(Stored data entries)

(* Let $H\in\mathbb{R}^{n\times d}$ have rank $h$, let $\Sigma\in\mathbb{R}^{n\times n}$ be symmetric positive definite, let $y\in\mathbb{R}^n$, $J\ge2$, and let $v_0^{(1)},\dots,v_0^{(J)}\in\mathbb{R}^d$ be an initial ensemble. Run deterministic EKI: $$v_{i+1}^{(j)}=v_i^{(j)}+\Gamma_iH^\top(H\Gamma_iH^\top+\Sigma)^{-1}(y-Hv_i^{(j)}),$$ where $\Gamma_i$ is the empirical covariance of the ensemble at step $i$. Let $v^*=(H^\top\Sigma^{-1}H)^\dagger H^\top\Sigma^{-1}y$ and $\omega_i^{(j)}=v_i^{(j)}-v^*$, and let $\mathbb{P},\mathbb{Q},\mathbb{N}$ be the projectors defined in the context. Then for every particle $j=1,\dots,J$: (a) $\|\mathbb{P}\omega_i^{(j)}\|=\mathcal{O}(i^{-1/2})$ as $i\to\infty$; (b) $\mathbb{Q}\omega_i^{(j)}=\mathbb{Q}\omega_0^{(j)}$ for all $i\ge0$; (c) $\mathbb{N}\omega_i^{(j)}=\mathbb{N}\omega_0^{(j)}$ for all $i\ge0$.
   Context: $\dagger$ is the Moore–Penrose pseudoinverse; $H^+:=(H^\top\Sigma^{-1}H)^\dagger H^\top\Sigma^{-1}$. Empirical covariance: $\Gamma_i=\frac{1}{J-1}\sum_{j}(v_i^{(j)}-\bar v_i)(v_i^{(j)}-\bar v_i)^\top$, $\bar v_i=\frac1J\sum_jv_i^{(j)}$. Let $r$ be the number of positive eigenvalues of the pencil $H\Gamma_0H^\top w=\delta\Sigma w$. Let $w_1,\dots,w_n$ be a basis of $\mathbb{R}^n$ with $w_k^\top\Sigma w_l$ equal to $1$ if $k=l$ and $0$ otherwise, such that each $w_\ell$ is a generalized eigenvector of $(H\Gamma_iH^\top,\Sigma)$ for every $i\ge0$ (with eigenvalue $\delta_{\ell,i}$); $w_1,\dots,w_r\in\mathsf{Ran}(\Sigma^{-1}H)$ correspond to positive eigenvalues; $w_{r+1},\dots,w_h\in\mathsf{Ran}(\Sigma^{-1}H)$ correspond to eigenvalue zero; $w_{h+1},\dots,w_n$ form a basis of $\mathsf{Ker}(H^\top)$. Define $u_\ell=\frac{1}{\delta_{\ell,0}}\Gamma_0H^\top w_\ell$ for $\ell\le r$ and $u_\ell=H^+\Sigma w_\ell$ for $r<\ell\le h$; let $U=[u_1,\dots,u_h]$, $U_{k:l}$ its columns $k$ through $l$. Define $\mathbb{P}=U_{1:r}U_{1:r}^\top H^\top\Sigma^{-1}H$, $\mathbb{Q}=U_{r+1:h}U_{r+1:h}^\top H^\top\Sigma^{-1}H$, $\mathbb{N}=I-\mathbb{P}-\mathbb{Q}$. *)

From HB Require Import structures.
From mathcomp Require Import all_boot all_order all_algebra.
From mathcomp Require Import reals.
From Stdlib Require Import ClassicalEpsilon.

EXERCISE | An exact transcription of the data above is required.

SOLUTION |
(* Let $H\in\mathbb{R}^{n\times d}$ have rank $h$, let $\Sigma\in\mathbb{R}^{n\times n}$ be symmetric positive definite, let $y\in\mathbb{R}^n$, $J\ge2$, and let $v_0^{(1)},\dots,v_0^{(J)}\in\mathbb{R}^d$ be an initial ensemble. Run deterministic EKI: $$v_{i+1}^{(j)}=v_i^{(j)}+\Gamma_iH^\top(H\Gamma_iH^\top+\Sigma)^{-1}(y-Hv_i^{(j)}),$$ where $\Gamma_i$ is the empirical covariance of the ensemble at step $i$. Let $v^*=(H^\top\Sigma^{-1}H)^\dagger H^\top\Sigma^{-1}y$ and $\omega_i^{(j)}=v_i^{(j)}-v^*$, and let $\mathbb{P},\mathbb{Q},\mathbb{N}$ be the projectors defined in the context. Then for every particle $j=1,\dots,J$: (a) $\|\mathbb{P}\omega_i^{(j)}\|=\mathcal{O}(i^{-1/2})$ as $i\to\infty$; (b) $\mathbb{Q}\omega_i^{(j)}=\mathbb{Q}\omega_0^{(j)}$ for all $i\ge0$; (c) $\mathbb{N}\omega_i^{(j)}=\mathbb{N}\omega_0^{(j)}$ for all $i\ge0$.
   Context: $\dagger$ is the Moore–Penrose pseudoinverse; $H^+:=(H^\top\Sigma^{-1}H)^\dagger H^\top\Sigma^{-1}$. Empirical covariance: $\Gamma_i=\frac{1}{J-1}\sum_{j}(v_i^{(j)}-\bar v_i)(v_i^{(j)}-\bar v_i)^\top$, $\bar v_i=\frac1J\sum_jv_i^{(j)}$. Let $r$ be the number of positive eigenvalues of the pencil $H\Gamma_0H^\top w=\delta\Sigma w$. Let $w_1,\dots,w_n$ be a basis of $\mathbb{R}^n$ with $w_k^\top\Sigma w_l$ equal to $1$ if $k=l$ and $0$ otherwise, such that each $w_\ell$ is a generalized eigenvector of $(H\Gamma_iH^\top,\Sigma)$ for every $i\ge0$ (with eigenvalue $\delta_{\ell,i}$); $w_1,\dots,w_r\in\mathsf{Ran}(\Sigma^{-1}H)$ correspond to positive eigenvalues; $w_{r+1},\dots,w_h\in\mathsf{Ran}(\Sigma^{-1}H)$ correspond to eigenvalue zero; $w_{h+1},\dots,w_n$ form a basis of $\mathsf{Ker}(H^\top)$. Define $u_\ell=\frac{1}{\delta_{\ell,0}}\Gamma_0H^\top w_\ell$ for $\ell\le r$ and $u_\ell=H^+\Sigma w_\ell$ for $r<\ell\le h$; let $U=[u_1,\dots,u_h]$, $U_{k:l}$ its columns $k$ through $l$. Define $\mathbb{P}=U_{1:r}U_{1:r}^\top H^\top\Sigma^{-1}H$, $\mathbb{Q}=U_{r+1:h}U_{r+1:h}^\top H^\top\Sigma^{-1}H$, $\mathbb{N}=I-\mathbb{P}-\mathbb{Q}$. *)

From HB Require Import structures.
From mathcomp Require Import all_boot all_order all_algebra.
From mathcomp Require Import reals.
From Stdlib Require Import ClassicalEpsilon.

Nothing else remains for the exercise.